▶ Input data:

(* Off the boundary set, [mu / D + 1/2] is either not an integer, so that its
   floor is locally constant, or a nonpositive integer, so that [roundD D]
   vanishes on a neighbourhood of [mu]. *)
Lemma roundD_locally_constant {R : realType} (D mu : R) : 0 < D -> ~ boundary_set D mu ->
  exists a b, [/\ a < mu, mu < b & forall z, a < z -> z < b -> roundD D z = roundD D mu].
Proof.
move=> D0 nb; have muE : mu = (mu / D) * D by rewrite divfK ?gt_eqF.
set v := mu / D in muE; set g := Num.floor (v + 2^-1).
have /andP[gl gu] := floor_itv (v + 2^-1); rewrite -/g intrD in gl gu.
have [gv|gv] := ltP g%:~R (v + 2^-1).
  exists ((g%:~R - 2^-1) * D), ((g%:~R + 2^-1) * D); split.
  - by rewrite [X in _ < X]muE ltr_pM2r //; lra.
  - by rewrite [X in X < _]muE ltr_pM2r //; lra.
  move=> z h1 h2; rewrite /roundD -/v -/g; congr (_ * (Num.max _ _)%:~R).
  rewrite -[z](divfK (lt0r_neq0 D0)) !ltr_pM2r // in h1 h2.
  by apply: floor_def; rewrite intrD; apply/andP; split; lra.
have vg : v + 2^-1 = g%:~R by apply/eqP; rewrite eq_le gv gl.
have [g0|g1] := leP g 0.
  have muD : mu < D / 2 by rewrite muE; move: g0; rewrite -(ler_int R); nra.
  by exists (mu - 1), (D / 2); split => //; [lra | move=> z _ zD; rewrite !roundD_eq0].
exfalso; apply: nb; exists `|g - 1|%N.
rewrite natr_absz ger0_norm; last by rewrite subr_ge0 -gtz0_ge1.
by rewrite muE intrB -vg; field.
Qed.

Lemma roundD_smean_eventually_const {d} {T : measurableType d} {R : realType}
    (P : probability T R) (f : nat -> T -> R) (X : T -> R) (K D : R) :
  measurable_fun setT X -> (forall k, measurable_fun setT (f k)) ->
  (forall w, `|X w| <= K) -> mutually_independent P f ->
  (forall k, identically_distributed P (f k) X) ->
  0 < D -> ~ boundary_set D (fine (\int[P]_w (X w)%:E)%E) ->
  {ae P, forall w, exists t0, forall t, (t0 <= t)%N ->
    roundD D (smean (fun k => f k w) t.+1) = roundD D (fine (\int[P]_w (X w)%:E)%E)}.
Proof.
move=> mX mf XK indep idd D0 /(roundD_locally_constant D0) [a [b [a_lt lt_b ab_const]]].
have := smean_eventually_gt mX mf XK indep idd a_lt.
have := smean_eventually_lt mX mf XK indep idd lt_b.
apply: filterS2 => w [t1 H1] [t2 H2]; exists (maxn t1 t2) => t tt.
by apply: ab_const; [apply: H2 | apply: H1]; apply: leq_trans tt; rewrite ?leq_maxl ?leq_maxr.
Qed.

Theorem lemma4 (R : realType) (d : measure_display) (T : measurableType d)
  (P : probability T R) (n : nat) (E : rel 'I_n) (W : 'M[R]_n)
  (G : nat -> T -> {set 'I_n * 'I_n}) (p : R)
  (X : 'I_n -> {RV P >-> R}) (x : 'I_n -> nat -> {RV P >-> R}) (K D : R)
  (q : quantizer) (y1 : T -> 'cV[R]_n) :
  undirected_graph E -> connected_graph E ->
  weight_matrix_ok E W ->
  (* random undirected graphs N(t) = G (t-1), E(t) a subset of E *)
  (forall t w i j, (i, j) \in G t w -> E i j) ->
  (forall t w i j, ((i, j) \in G t w) = ((j, i) \in G t w)) ->
  (forall t S, measurable (G t @^-1` [set S])) ->
  0 < p ->
  (* Pr[(i,j) in E(t) | sigma(N(1),...,N(t-1))] >= p *)
  (forall t i j, E i j -> forall H : set (seq {set 'I_n * 'I_n}),
     (p%:E * P [set w | H (history G t w)]
      <= P ([set w | H (history G t w)] `&` [set w | (i, j) \in G t w]))%E) ->
  (* samples: x i k = x_i(k+1), i.i.d. copies of X i, |X i| <= K *)
  (forall i w, `|X i w| <= K) ->
  (forall i, mutually_independent P (fun k => x i k)) ->
  (forall i k, identically_distributed P (x i k) (X i)) ->
  0 < D ->
  (forall i, ~ boundary_set D (fine 'E_P[X i])) ->
  {ae P, forall w, exists S : seq R, forall (t : nat) (i : 'I_n),
     ytraj q D W (fun s => G s w) (fun i k => x i k w) (y1 w) t i ord0 \in S}.
Proof.
move=> _ _ Wok _ _ _ _ _ XK indep idd D0 off_boundary.
have frozen : {ae P, forall w, forall i, exists t0, forall t, (t0 <= t)%N ->
    roundD D (smean (fun k => x i k w) t.+1) = roundD D (fine 'E_P[X i])}.
  apply: filter_forall => i; rewrite expectation_def.
  apply: roundD_smean_eventually_const => //; last by rewrite -expectation_def.
apply: filterS frozen => w /fin_all_exists [t0 Ht0].
apply: (ytraj_finite_range Wok (T0 := \max_i t0 i) (zr := fun i => roundD D (fine 'E_P[X i]))).
by move=> i t tT; apply: Ht0; exact: leq_trans (leq_bigmax i) tT.
Qed.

▶ Work order:
Starting at the first line of the records above, please copy each line exactly until you reach the line containing "move=> z h1". Include that line and stop there.

▶ Solution:
(* Off the boundary set, [mu / D + 1/2] is either not an integer, so that its
   floor is locally constant, or a nonpositive integer, so that [roundD D]
   vanishes on a neighbourhood of [mu]. *)
Lemma roundD_locally_constant {R : realType} (D mu : R) : 0 < D -> ~ boundary_set D mu ->
  exists a b, [/\ a < mu, mu < b & forall z, a < z -> z < b -> roundD D z = roundD D mu].
Proof.
move=> D0 nb; have muE : mu = (mu / D) * D by rewrite divfK ?gt_eqF.
set v := mu / D in muE; set g := Num.floor (v + 2^-1).
have /andP[gl gu] := floor_itv (v + 2^-1); rewrite -/g intrD in gl gu.
have [gv|gv] := ltP g%:~R (v + 2^-1).
  exists ((g%:~R - 2^-1) * D), ((g%:~R + 2^-1) * D); split.
  - by rewrite [X in _ < X]muE ltr_pM2r //; lra.
  - by rewrite [X in X < _]muE ltr_pM2r //; lra.
  move=> z h1 h2; rewrite /roundD -/v -/g; congr (_ * (Num.max _ _)%:~R).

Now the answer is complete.